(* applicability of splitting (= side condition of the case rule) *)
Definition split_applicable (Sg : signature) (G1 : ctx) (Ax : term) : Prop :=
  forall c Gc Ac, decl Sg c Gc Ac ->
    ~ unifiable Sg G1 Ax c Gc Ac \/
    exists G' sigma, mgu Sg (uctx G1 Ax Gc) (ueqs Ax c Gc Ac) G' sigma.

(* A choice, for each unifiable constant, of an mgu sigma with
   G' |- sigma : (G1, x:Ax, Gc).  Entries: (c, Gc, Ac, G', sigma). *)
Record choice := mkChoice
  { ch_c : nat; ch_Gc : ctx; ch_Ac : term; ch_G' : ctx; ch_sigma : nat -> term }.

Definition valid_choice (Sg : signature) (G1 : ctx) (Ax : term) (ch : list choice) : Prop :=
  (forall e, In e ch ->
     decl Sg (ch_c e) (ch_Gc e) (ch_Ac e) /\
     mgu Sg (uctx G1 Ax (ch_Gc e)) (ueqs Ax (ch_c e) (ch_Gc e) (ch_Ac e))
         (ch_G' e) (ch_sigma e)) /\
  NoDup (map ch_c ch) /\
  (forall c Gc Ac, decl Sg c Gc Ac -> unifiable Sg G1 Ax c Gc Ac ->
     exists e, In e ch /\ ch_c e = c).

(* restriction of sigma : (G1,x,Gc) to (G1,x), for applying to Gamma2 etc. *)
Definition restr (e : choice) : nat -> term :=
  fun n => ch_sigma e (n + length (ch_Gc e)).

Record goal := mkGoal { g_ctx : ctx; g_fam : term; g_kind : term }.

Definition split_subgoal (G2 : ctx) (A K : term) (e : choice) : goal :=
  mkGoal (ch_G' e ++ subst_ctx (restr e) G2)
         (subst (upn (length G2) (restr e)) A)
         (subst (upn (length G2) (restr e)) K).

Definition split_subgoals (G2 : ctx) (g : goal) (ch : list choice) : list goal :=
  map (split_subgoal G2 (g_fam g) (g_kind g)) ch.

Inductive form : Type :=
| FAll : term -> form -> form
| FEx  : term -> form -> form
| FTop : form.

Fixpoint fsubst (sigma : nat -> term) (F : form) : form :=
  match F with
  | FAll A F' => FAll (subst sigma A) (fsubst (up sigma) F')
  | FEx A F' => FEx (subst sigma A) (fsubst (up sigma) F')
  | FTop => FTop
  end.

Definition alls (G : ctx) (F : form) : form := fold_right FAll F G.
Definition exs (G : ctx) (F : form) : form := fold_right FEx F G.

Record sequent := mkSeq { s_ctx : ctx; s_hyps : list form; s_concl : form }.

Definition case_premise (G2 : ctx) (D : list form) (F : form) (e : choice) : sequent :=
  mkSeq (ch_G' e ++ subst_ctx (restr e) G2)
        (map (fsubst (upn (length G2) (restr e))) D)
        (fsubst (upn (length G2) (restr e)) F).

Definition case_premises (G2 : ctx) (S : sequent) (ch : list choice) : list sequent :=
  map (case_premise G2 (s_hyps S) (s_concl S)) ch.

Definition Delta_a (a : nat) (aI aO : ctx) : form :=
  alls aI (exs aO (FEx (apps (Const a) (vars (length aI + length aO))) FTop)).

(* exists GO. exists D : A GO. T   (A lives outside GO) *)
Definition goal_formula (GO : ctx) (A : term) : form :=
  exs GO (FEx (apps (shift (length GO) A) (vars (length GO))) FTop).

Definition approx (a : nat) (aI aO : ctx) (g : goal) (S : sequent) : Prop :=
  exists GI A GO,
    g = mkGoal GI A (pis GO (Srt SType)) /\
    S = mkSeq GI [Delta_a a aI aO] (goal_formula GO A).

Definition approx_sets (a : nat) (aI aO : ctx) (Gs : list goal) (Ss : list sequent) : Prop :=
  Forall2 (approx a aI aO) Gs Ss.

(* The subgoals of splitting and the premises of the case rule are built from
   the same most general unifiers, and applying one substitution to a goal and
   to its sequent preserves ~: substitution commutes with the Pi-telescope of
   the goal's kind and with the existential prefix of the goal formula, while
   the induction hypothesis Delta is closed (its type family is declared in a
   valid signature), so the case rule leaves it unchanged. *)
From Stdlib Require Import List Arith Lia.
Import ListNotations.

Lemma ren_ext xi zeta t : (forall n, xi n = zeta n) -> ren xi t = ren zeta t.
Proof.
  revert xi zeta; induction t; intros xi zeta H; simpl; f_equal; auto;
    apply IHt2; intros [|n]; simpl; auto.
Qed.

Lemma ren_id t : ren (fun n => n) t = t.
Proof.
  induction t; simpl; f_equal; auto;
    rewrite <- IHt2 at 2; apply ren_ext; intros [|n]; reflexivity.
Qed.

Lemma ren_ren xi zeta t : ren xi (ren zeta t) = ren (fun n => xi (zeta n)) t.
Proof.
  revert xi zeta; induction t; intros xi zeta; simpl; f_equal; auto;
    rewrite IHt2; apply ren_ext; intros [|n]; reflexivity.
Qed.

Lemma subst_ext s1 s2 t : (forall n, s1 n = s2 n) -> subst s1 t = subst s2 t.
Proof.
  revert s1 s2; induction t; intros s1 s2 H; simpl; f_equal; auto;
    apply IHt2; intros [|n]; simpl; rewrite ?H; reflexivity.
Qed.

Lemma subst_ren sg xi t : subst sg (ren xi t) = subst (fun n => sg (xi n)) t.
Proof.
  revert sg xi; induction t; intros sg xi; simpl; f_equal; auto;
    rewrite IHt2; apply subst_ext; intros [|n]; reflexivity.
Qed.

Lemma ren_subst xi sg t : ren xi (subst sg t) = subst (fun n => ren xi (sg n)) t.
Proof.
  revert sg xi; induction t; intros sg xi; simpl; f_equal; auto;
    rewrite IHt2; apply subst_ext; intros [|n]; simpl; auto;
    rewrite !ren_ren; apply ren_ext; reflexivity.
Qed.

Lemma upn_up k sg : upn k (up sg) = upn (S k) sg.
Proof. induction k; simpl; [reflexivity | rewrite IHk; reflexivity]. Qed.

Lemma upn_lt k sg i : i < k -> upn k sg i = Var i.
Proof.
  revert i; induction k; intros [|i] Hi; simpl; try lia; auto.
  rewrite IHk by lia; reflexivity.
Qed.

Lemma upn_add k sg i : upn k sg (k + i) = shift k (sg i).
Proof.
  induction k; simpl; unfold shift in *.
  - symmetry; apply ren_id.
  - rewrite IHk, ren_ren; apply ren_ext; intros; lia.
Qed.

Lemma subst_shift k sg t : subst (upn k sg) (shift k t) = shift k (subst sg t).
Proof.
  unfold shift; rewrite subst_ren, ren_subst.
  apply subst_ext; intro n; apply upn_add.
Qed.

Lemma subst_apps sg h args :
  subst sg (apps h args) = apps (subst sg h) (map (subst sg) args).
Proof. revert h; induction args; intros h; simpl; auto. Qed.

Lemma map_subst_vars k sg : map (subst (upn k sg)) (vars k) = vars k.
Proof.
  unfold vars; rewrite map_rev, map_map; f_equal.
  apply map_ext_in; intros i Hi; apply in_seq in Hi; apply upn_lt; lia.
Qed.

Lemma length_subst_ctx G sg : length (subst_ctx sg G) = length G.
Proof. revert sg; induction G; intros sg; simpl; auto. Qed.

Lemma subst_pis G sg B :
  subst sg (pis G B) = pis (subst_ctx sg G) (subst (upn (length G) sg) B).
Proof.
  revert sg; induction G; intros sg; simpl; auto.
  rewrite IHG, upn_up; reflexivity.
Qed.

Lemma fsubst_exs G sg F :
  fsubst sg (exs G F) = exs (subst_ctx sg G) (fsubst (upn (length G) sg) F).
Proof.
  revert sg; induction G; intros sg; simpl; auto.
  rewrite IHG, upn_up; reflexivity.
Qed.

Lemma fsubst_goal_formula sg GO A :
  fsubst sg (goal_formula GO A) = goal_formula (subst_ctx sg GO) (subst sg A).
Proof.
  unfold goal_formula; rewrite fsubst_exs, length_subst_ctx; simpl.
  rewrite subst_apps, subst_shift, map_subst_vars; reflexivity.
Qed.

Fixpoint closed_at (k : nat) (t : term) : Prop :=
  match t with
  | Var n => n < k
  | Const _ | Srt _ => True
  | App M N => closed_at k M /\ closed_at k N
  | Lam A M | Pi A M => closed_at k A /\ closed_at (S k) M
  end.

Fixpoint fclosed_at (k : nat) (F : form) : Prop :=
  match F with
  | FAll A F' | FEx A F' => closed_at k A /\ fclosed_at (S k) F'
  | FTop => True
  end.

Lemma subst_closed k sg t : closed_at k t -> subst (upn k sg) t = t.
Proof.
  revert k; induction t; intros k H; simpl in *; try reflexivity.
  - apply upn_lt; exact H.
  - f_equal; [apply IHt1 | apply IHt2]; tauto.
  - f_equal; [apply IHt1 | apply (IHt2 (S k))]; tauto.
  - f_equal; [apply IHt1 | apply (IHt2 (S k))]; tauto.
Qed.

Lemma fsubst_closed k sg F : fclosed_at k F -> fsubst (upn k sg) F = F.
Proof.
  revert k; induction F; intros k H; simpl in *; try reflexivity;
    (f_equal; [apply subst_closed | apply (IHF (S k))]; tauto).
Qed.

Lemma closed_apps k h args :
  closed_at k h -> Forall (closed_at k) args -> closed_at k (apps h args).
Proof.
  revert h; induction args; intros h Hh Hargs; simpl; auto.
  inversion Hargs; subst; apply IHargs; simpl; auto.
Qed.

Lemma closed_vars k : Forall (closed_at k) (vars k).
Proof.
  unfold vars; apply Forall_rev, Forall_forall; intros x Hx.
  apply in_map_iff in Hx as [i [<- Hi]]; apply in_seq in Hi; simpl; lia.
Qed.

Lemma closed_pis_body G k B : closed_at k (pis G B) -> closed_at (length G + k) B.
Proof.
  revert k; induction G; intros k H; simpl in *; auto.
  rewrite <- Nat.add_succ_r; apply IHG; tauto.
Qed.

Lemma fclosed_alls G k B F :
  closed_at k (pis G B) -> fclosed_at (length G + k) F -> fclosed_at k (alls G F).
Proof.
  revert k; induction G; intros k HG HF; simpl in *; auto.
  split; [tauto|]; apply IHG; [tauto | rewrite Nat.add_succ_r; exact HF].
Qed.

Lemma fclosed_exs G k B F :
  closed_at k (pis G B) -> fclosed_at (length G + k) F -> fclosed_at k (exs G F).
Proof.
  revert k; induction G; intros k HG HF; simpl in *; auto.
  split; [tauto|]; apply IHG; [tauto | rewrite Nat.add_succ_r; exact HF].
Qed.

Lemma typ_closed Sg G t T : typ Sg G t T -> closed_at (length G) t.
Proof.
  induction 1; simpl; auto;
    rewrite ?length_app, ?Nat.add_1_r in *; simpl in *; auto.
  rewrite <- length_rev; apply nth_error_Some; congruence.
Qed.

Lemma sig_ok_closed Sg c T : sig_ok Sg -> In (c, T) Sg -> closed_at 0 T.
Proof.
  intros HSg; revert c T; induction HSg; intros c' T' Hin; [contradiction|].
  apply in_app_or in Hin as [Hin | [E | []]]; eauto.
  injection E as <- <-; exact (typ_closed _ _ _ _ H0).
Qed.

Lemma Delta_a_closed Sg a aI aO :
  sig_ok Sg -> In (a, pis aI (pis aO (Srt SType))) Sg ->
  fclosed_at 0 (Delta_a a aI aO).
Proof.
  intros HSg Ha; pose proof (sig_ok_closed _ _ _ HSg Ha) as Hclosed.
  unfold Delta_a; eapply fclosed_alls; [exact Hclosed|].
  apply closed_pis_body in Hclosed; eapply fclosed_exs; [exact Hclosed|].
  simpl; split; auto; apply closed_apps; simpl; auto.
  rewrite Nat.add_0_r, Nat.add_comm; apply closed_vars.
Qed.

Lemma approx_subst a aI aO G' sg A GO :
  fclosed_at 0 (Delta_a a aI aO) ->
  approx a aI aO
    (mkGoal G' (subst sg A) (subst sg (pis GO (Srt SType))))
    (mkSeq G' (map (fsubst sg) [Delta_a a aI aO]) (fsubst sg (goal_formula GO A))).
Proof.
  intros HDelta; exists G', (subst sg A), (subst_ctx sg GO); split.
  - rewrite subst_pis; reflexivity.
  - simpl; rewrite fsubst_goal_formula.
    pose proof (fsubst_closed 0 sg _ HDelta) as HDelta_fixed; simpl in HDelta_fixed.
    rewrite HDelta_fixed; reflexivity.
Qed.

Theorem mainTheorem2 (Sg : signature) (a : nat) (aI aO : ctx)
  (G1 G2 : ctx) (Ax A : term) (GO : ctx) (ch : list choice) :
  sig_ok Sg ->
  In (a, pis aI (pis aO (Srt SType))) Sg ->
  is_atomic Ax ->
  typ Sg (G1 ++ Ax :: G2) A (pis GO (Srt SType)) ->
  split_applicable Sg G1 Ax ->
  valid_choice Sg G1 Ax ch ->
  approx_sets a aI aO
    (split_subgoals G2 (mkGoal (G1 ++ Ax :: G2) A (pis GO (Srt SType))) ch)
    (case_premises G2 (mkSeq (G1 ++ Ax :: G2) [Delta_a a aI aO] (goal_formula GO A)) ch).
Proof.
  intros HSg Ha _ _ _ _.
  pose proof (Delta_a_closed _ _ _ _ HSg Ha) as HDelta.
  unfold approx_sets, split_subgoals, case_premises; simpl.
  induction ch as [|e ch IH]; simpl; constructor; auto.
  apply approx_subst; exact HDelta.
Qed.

□ □ □ □

YOUR ASSIGNMENT. For each line in the data that contains the string "splitting", give a copy of that line.

OUTPUT FOR THIS EXERCISE.
(* applicability of splitting (= side condition of the case rule) *)
(* The subgoals of splitting and the premises of the case rule are built from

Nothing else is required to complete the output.